The structure of the json file we got from the API call (where we also got our date) is:
```
{
    "articles": [
        {
            "id":39740,
            "currentPublicationId": 581
        }
    ]
}
```
Both the sub ID ("id") and pub ID ("currentPublicationId") are both at the same level. This is great because if there were any extra versions (publications) of any of these, it would really mess things up.

Now to extract those sub and pub IDs from each article.

In [52]:
    for article in b["articles"]:
        e = article['id']
        print(e)
        f = article['currentPublicationId']
        print(f)

39610
339
39609
338
39565
294
39564
293


That output looks a little weird here but when I ran it all in Spyder, it looks like it spit out all the values it needed to.
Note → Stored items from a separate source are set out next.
(* Let $q\ge0$, let $s_0<s_1<\dots<s_q$ be distinct nodes in $[0,1]$ with $s_q=1$, and let $\{\lambda_n^{[q]}\}_{n=0}^q$ be the corresponding Lagrange basis of $\mathcal{P}^q([0,1])$. Define, for $m,n=0,\dots,q$, $$a_{mn}=\int_0^1\dot\lambda_n^{[q]}(t)\lambda_m^{[q]}(t)\,dt+\lambda_n^{[q]}(0)\lambda_m^{[q]}(0),$$ let $A=(a_{mn})_{m,n=0}^q$ (which is invertible) and $\bar A=(\bar a_{mn})=A^{-1}$. Then for every $m=0,\dots,q$, $$\sum_{n=0}^q\bar a_{mn}\lambda_n^{[q]}(0)=1.$$
   Context: $\mathcal{P}^q([0,1])$ is the space of polynomials of degree $\le q$ on $[0,1]$; the Lagrange basis for nodes $s_0,\dots,s_q$ is $\lambda_n(s)=\prod_{l\ne n}(s-s_l)/(s_n-s_l)$. *)

From HB Require Import structures.
From mathcomp Require Import all_boot all_order all_algebra.
From mathcomp Require Import all_classical all_reals all_analysis.
Set Implicit Arguments. Unset Strict Implicit. Unset Printing Implicit Defensive.
Import Order.TTheory GRing.Theory Num.Theory.
Local Open Scope ring_scope.

Definition lagrange_basis (R : fieldType) (q : nat) (s : 'I_q.+1 -> R)
  (n : 'I_q.+1) : {poly R} :=
  \prod_(l < q.+1 | l != n) (('X - (s l)%:P) * ((s n - s l)^-1)%:P).

Definition matA (R : realType) (q : nat) (s : 'I_q.+1 -> R) : 'M[R]_q.+1 :=
  \matrix_(m < q.+1, n < q.+1)
    (Rintegral (@lebesgue_measure R) `[0, 1]%classic
       (fun t => ((lagrange_basis s n)^`()).[t] * (lagrange_basis s m).[t])
     + (lagrange_basis s n).[0] * (lagrange_basis s m).[0]).

From HB Require Import structures.
From mathcomp Require Import all_boot all_order all_algebra.
From mathcomp Require Import all_classical all_reals all_analysis.
From mathcomp Require Import ring.
Import Order.TTheory GRing.Theory Num.Theory.
Import numFieldNormedType.Exports.
Local Open Scope ring_scope.

(* The entries of A are a_mn = B(l_n, l_m) for the bilinear form
   B(u, v) = int_0^1 u' v + u(0) v(0) on P^q.  Integrating by parts,
   2 B(u, u) = u(1)^2 + u(0)^2, so B(u, u) = 0 forces u(0) = 0, and then
   B(u, u') = int_0^1 u'^2 = 0 forces u' = 0: B is nondegenerate, so A is
   invertible.  Since the l_n sum to 1 and B(1, v) = v(0), the row sums of A
   are the values l_m(0); hence A 1 = (l_m(0))_m, i.e. A^-1 (l_n(0))_n = 1. *)

Section PolyAntiderivative.
Context {R : numFieldType}.

Definition antideriv (p : {poly R}) : {poly R} :=
  \poly_(i < (size p).+1) (if i is j.+1 then p`_j / j.+1%:R else 0).

Lemma antiderivK (p : {poly R}) : (antideriv p)^`() = p.
Proof.
apply/polyP => i; rewrite coef_deriv coef_poly /=.
case: ltnP => [lt_ip|le_pi].
  by rewrite -[_ *+ i.+1]mulr_natr divfK // pnatr_eq0.
by rewrite mul0rn nth_default.
Qed.

Lemma deriv_eq0_polyC (p : {poly R}) : p^`() = 0 -> p = (p.[0])%:P.
Proof.
move=> dp0; apply/polyP => [[|k]]; first by rewrite coefC horner_coef0.
have /eqP := congr1 (fun r : {poly R} => r`_k) dp0.
by rewrite coef_deriv coef0 coefC mulrn_eq0 /= => /eqP.
Qed.

End PolyAntiderivative.

Lemma poly_eq0_on_itv (R : numFieldType) (a b : R) (p : {poly R}) : a < b ->
  (forall x, a <= x <= b -> p.[x] = 0) -> p = 0.
Proof.
move=> lt_ab p_eq0; set n := size p.
have [n0|n_gt0] := posnP n; first by apply/eqP; rewrite -size_poly_eq0 -/n n0.
have n_neq0 : (n%:R : R) != 0 by rewrite pnatr_eq0 -lt0n.
have ba_neq0 : b - a != 0 by rewrite subr_eq0 gt_eqF.
pose grid := [seq a + (b - a) * (k%:R / n%:R) | k <- iota 0 n].
apply: (@roots_geq_poly_eq0 _ p grid); last by rewrite size_map size_iota.
- apply/allP => x /mapP [k]; rewrite mem_iota add0n => /andP[_ lt_kn] ->.
  have k0 : 0 <= k%:R / n%:R :> R by rewrite divr_ge0 ?ler0n.
  have k1 : k%:R / n%:R <= 1 :> R.
    by rewrite ler_pdivrMr ?ltr0n // mul1r ler_nat ltnW.
  have ba_ge0 : 0 <= b - a by rewrite subr_ge0 ltW.
  by apply/eqP/p_eq0; rewrite lerDl mulr_ge0 //= -lerBrDl ler_piMr.
- rewrite map_inj_in_uniq ?iota_uniq // => i j _ _ /addrI /(mulfI ba_neq0).
  by move/(mulIf (invr_neq0 n_neq0))/eqP; rewrite eqr_nat => /eqP.
Qed.

Section IntegralOverUnitInterval.
Context {R : realType}.
Notation mu := (@lebesgue_measure R).

Definition int01 (p : {poly R}) : R := Rintegral mu `[0, 1]%classic (fun x => p.[x]).

Lemma int01_integrable (p : {poly R}) :
  mu.-integrable `[0, 1]%classic (EFin \o horner p).
Proof.
apply: continuous_compact_integrable; first exact: segment_compact.
exact/continuous_subspaceT/continuous_horner.
Qed.

Lemma int01D (p r : {poly R}) : int01 (p + r) = int01 p + int01 r.
Proof.
rewrite /int01 -RintegralD ?int01_integrable //.
by apply: eq_Rintegral => x _; rewrite hornerD.
Qed.

Lemma int01Z (c : R) (p : {poly R}) : int01 (c *: p) = c * int01 p.
Proof.
rewrite /int01 -RintegralZl ?int01_integrable //.
by apply: eq_Rintegral => x _; rewrite hornerZ.
Qed.

Lemma int01_0 : int01 0 = 0.
Proof. by rewrite -(scale0r (0 : {poly R})) int01Z mul0r. Qed.

Lemma int01_sum (I : finType) (F : I -> {poly R}) :
  int01 (\sum_i F i) = \sum_i int01 (F i).
Proof. exact: (big_morph int01 int01D int01_0). Qed.

Lemma int01_deriv (p : {poly R}) : int01 p^`() = p.[1] - p.[0].
Proof.
rewrite /int01 /Rintegral (@continuous_FTC2 R (horner p^`()) (horner p) 0 1) //.
- exact/continuous_subspaceT/continuous_horner.
- split; first by move=> x _; exact: derivable_horner.
  + exact/cvg_at_right_filter/continuous_horner.
  + exact/cvg_at_left_filter/continuous_horner.
- by move=> x _; rewrite -derivE.
Qed.

Lemma int01_sqr_eq0 (w : {poly R}) : int01 (w * w) = 0 -> w = 0.
Proof.
move=> int_w2; set W := antideriv (w * w).
have W10 : W.[1] = W.[0] by apply/eqP; rewrite -subr_eq0 -int01_deriv antiderivK int_w2.
have W_ndecr : forall x y, 0 <= x -> x <= y -> y <= 1 -> W.[x] <= W.[y].
  apply: ger0_derive1_ndecr => [x _|x _|]; first exact: derivable_horner.
    by rewrite -derivE antiderivK hornerM -expr2 sqr_ge0.
  exact/continuous_subspaceT/continuous_horner.
have W_cst : W - (W.[0])%:P = 0.
  apply: (@poly_eq0_on_itv _ 0 1) => // x /andP[x0 x1].
  rewrite hornerD hornerN hornerC; apply/eqP; rewrite subr_eq0 eq_le.
  by rewrite -{1}W10 !W_ndecr ?lexx.
have /eqP := congr1 deriv W_cst.
by rewrite derivB derivC subr0 antiderivK deriv0 mulf_eq0 orbb => /eqP.
Qed.

End IntegralOverUnitInterval.

Section LagrangeBasis.
Context {R : fieldType} {q : nat} {s : 'I_q.+1 -> R}.
Hypothesis s_inj : injective s.
Notation L := (lagrange_basis s).

Let node_diff_neq0 (n l : 'I_q.+1) : l != n -> s n - s l != 0.
Proof. by move=> ln; rewrite subr_eq0; apply: contra ln => /eqP/s_inj->. Qed.

Lemma lagrange_basis_node (n k : 'I_q.+1) : (L n).[s k] = (n == k)%:R.
Proof.
rewrite /lagrange_basis horner_prod; have [<-|nk] := eqVneq n k.
  apply: big1 => l ln.
  by rewrite hornerM hornerXsubC hornerC mulfV ?node_diff_neq0.
by rewrite (bigD1 k) 1?eq_sym //= hornerM hornerXsubC subrr !mul0r.
Qed.

Lemma size_lagrange_basis (n : 'I_q.+1) : (size (L n) <= q.+1)%N.
Proof.
have factor_neq0 l : l != n -> ('X - (s l)%:P) * ((s n - s l)^-1)%:P != 0.
  by move=> ln; rewrite mulf_neq0 ?polyXsubC_eq0 // polyC_eq0 invr_eq0 node_diff_neq0.
rewrite /lagrange_basis size_prod // (eq_bigr (fun=> 2%N)) => [|l ln]; last first.
  by rewrite mulrC size_Cmul ?invr_eq0 ?node_diff_neq0 // size_XsubC.
rewrite sum_nat_const muln2 -addnn -addSn addnK ltnS.
apply: (@leq_trans #|predC1 n|); last by rewrite cardC1 card_ord.
by apply/eq_leq/eq_card => l; rewrite !inE.
Qed.

Lemma lagrange_combo_node (c : 'I_q.+1 -> R) (k : 'I_q.+1) :
  (\sum_n c n *: L n).[s k] = c k.
Proof.
rewrite horner_sum (bigD1 k) //= hornerZ lagrange_basis_node eqxx mulr1.
rewrite big1 ?addr0 // => n nk.
by rewrite hornerZ lagrange_basis_node (negbTE nk) mulr0.
Qed.

Lemma size_lagrange_combo (c : 'I_q.+1 -> R) :
  (size (\sum_n c n *: L n)%R <= q.+1)%N.
Proof.
apply: (big_ind (fun p : {poly R} => size p <= q.+1)%N) => [|p r sp sr|n _].
- by rewrite size_poly0.
- by rewrite (leq_trans (size_polyD _ _)) // geq_max sp sr.
- by rewrite (leq_trans (size_scale_leq _ _)) ?size_lagrange_basis.
Qed.

Lemma lagrange_interpolation (p : {poly R}) :
  (size p <= q.+1)%N -> p = \sum_m p.[s m] *: L m.
Proof.
move=> sp; apply/eqP; rewrite -subr_eq0; apply/eqP.
apply: (@roots_geq_poly_eq0 _ _ [seq s i | i <- enum 'I_q.+1]).
- apply/allP => x /mapP [k _ ->].
  by rewrite rootE hornerD hornerN lagrange_combo_node subrr.
- by rewrite map_inj_uniq // enum_uniq.
- rewrite size_map size_enum_ord (leq_trans (size_polyD _ _)) // geq_max sp.
  by rewrite size_polyN size_lagrange_combo.
Qed.

Lemma sum_lagrange_basis : \sum_n L n = 1.
Proof.
rewrite [RHS]lagrange_interpolation ?size_poly1 //.
by apply: eq_bigr => n _; rewrite hornerC scale1r.
Qed.

End LagrangeBasis.

Section LagrangeForm.
Context {R : realType}.

Definition lagrange_form (u v : {poly R}) : R := int01 (u^`() * v) + u.[0] * v.[0].
Local Notation B := lagrange_form.

Lemma lagrange_form_suml (I : finType) (c : I -> R) (p : I -> {poly R}) v :
  B (\sum_i c i *: p i) v = \sum_i c i * B (p i) v.
Proof.
rewrite /B raddf_sum mulr_suml int01_sum horner_sum mulr_suml -big_split.
by apply: eq_bigr => i _ /=; rewrite derivZ -scalerAl int01Z hornerZ mulrDr mulrA.
Qed.

Lemma lagrange_form_sumr (I : finType) (c : I -> R) u (p : I -> {poly R}) :
  B u (\sum_i c i *: p i) = \sum_i c i * B u (p i).
Proof.
rewrite /B mulr_sumr int01_sum horner_sum mulr_sumr -big_split.
by apply: eq_bigr => i _ /=; rewrite -scalerAr int01Z hornerZ mulrDr mulrCA.
Qed.

Lemma lagrange_form1l v : B 1 v = v.[0].
Proof. by rewrite /B derivC mul0r int01_0 hornerC mul1r add0r. Qed.

Lemma lagrange_form_diag u : B u u *+ 2 = u.[1] ^+ 2 + u.[0] ^+ 2.
Proof.
have parts : int01 (u^`() * u) *+ 2 = u.[1] ^+ 2 - u.[0] ^+ 2.
  by rewrite mulr2n -int01D [X in _ + X]mulrC -derivM int01_deriv !hornerM !expr2.
by rewrite /B mulrnDl parts mulr2n -!expr2; ring.
Qed.

Lemma lagrange_form_definite u : B u u = 0 -> B u u^`() = 0 -> u = 0.
Proof.
move=> Buu Bud.
have u0 : u.[0] = 0.
  have /eqP := lagrange_form_diag u; rewrite Buu mul0rn eq_sym.
  by rewrite paddr_eq0 ?sqr_ge0 // => /andP[_]; rewrite sqrf_eq0 => /eqP.
have du0 : u^`() = 0 by apply: int01_sqr_eq0; move: Bud; rewrite /B u0 mul0r addr0.
by rewrite [u](deriv_eq0_polyC _ du0) u0 polyC0.
Qed.

End LagrangeForm.

Lemma invmx_row_sum (R : comUnitRingType) (n : nat) (A : 'M[R]_n) (b : 'I_n -> R) :
  A \in unitmx -> (forall i, \sum_j A i j = b i) ->
  forall i, \sum_j invmx A i j * b j = 1.
Proof.
move=> A_unit Ab i; under eq_bigr do rewrite -Ab mulr_sumr.
rewrite exchange_big /=.
transitivity (\sum_k (invmx A *m A) i k); first by apply: eq_bigr => k _; rewrite mxE.
rewrite mulVmx // (bigD1 i) //= big1 => [|k ki]; first by rewrite mxE eqxx addr0.
by rewrite mxE eq_sym (negbTE ki).
Qed.

Section MatA.
Context {R : realType} {q : nat} {s : 'I_q.+1 -> R}.
Hypothesis s_inj : injective s.
Notation L := (lagrange_basis s).

Lemma matA_entry (m n : 'I_q.+1) : matA s m n = lagrange_form (L n) (L m).
Proof.
rewrite mxE /lagrange_form /int01; congr (_ + _).
by apply: eq_Rintegral => t _; rewrite hornerM.
Qed.

Lemma matA_unit : matA s \in unitmx.
Proof.
rewrite -unitmx_tr -row_free_unit; apply: inj_row_free => c cA0.
pose u := \sum_n c 0 n *: L n.
have u_orth_basis m : lagrange_form u (L m) = 0.
  have := congr1 (fun M : 'rV_q.+1 => M 0 m) cA0; rewrite !mxE => <-.
  by rewrite lagrange_form_suml; apply: eq_bigr => n _; rewrite mxE matA_entry.
have u_orth (v : {poly R}) : (size v <= q.+1)%N -> lagrange_form u v = 0.
  move=> sv; rewrite (lagrange_interpolation s_inj _ sv) lagrange_form_sumr.
  by rewrite big1 // => m _; rewrite u_orth_basis mulr0.
have su : (size u <= q.+1)%N by exact: size_lagrange_combo.
have u_eq0 : u = 0.
  apply: lagrange_form_definite; apply: u_orth => //.
  have [->|u_neq0] := eqVneq u 0; first by rewrite deriv0 size_poly0.
  exact: leq_trans (ltnW (lt_size_deriv u_neq0)) su.
by apply/rowP => k; rewrite mxE -(lagrange_combo_node s_inj (c 0) k) -/u u_eq0 horner0.
Qed.

Lemma matA_row_sum (m : 'I_q.+1) : \sum_n matA s m n = (L m).[0].
Proof.
transitivity (lagrange_form (\sum_n 1 *: L n) (L m)).
  by rewrite lagrange_form_suml; apply: eq_bigr => n _; rewrite mul1r matA_entry.
by under eq_bigr do rewrite scale1r; rewrite sum_lagrange_basis // lagrange_form1l.
Qed.

End MatA.

Theorem lemmaA2 (R : realType) (q : nat) (s : 'I_q.+1 -> R)
  (s_incr : forall i j : 'I_q.+1, (i < j)%N -> s i < s j)
  (s_in01 : forall i : 'I_q.+1, 0 <= s i <= 1)
  (s_last : s ord_max = 1) :
  matA s \in unitmx /\
  forall m : 'I_q.+1,
    \sum_(n < q.+1) (invmx (matA s)) m n * (lagrange_basis s n).[0] = 1.
Proof.
have s_inj : injective s.
  move=> i j sij; apply/val_inj.
  by case: (ltngtP i j) => // ij; have := s_incr _ _ ij; rewrite sij ltxx.
have A_unit := matA_unit s_inj.
split => //; exact: invmx_row_sum A_unit (matA_row_sum s_inj).
Qed.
Now I'm going to try using the API to unpublish, edit, and republish an article outside of the loop. I'm going to assign the sub & pub IDs as integers and publication dates as a string to static variables for a single article.

## Unpublish and article

In [60]:
subID = 39564
pubID = 293
pubdate = "1967-06-02"
unpub ="https://historicalpapers.journals.yorku.ca/index.php/historicalpapers/api/v1/submissions/39564/publications/293/unpublish"

In [61]:
requests.put(unpub,params={'apiToken':key})

<Response [200]>

That worked! The submission is unpublished. Now, we edit the date (d) and put in the API request to change the publication date.

## Edit the article

In [64]:
eddate = "https://historicalpapers.journals.yorku.ca/index.php/historicalpapers/api/v1/submissions/39564/publications/293"
requests.put(eddate,params={'apiToken':key,'datePublished':"1967-06-02"})

<Response [200]>

In [65]:
pub = "https://historicalpapers.journals.yorku.ca/index.php/historicalpapers/api/v1/submissions/39564/publications/293/publish"
requests.put(pub,params={'apiToken':key})

<Response [200]>

ARGH. It should work but the date hasn't changed despite the 200 responses. The Activity Log shows that activity has happened with the submission but the original publication date doesn't show. Have triple-checked the sub and pub IDs, they're both correct.

Am writing the PKP forum to figure this shit out.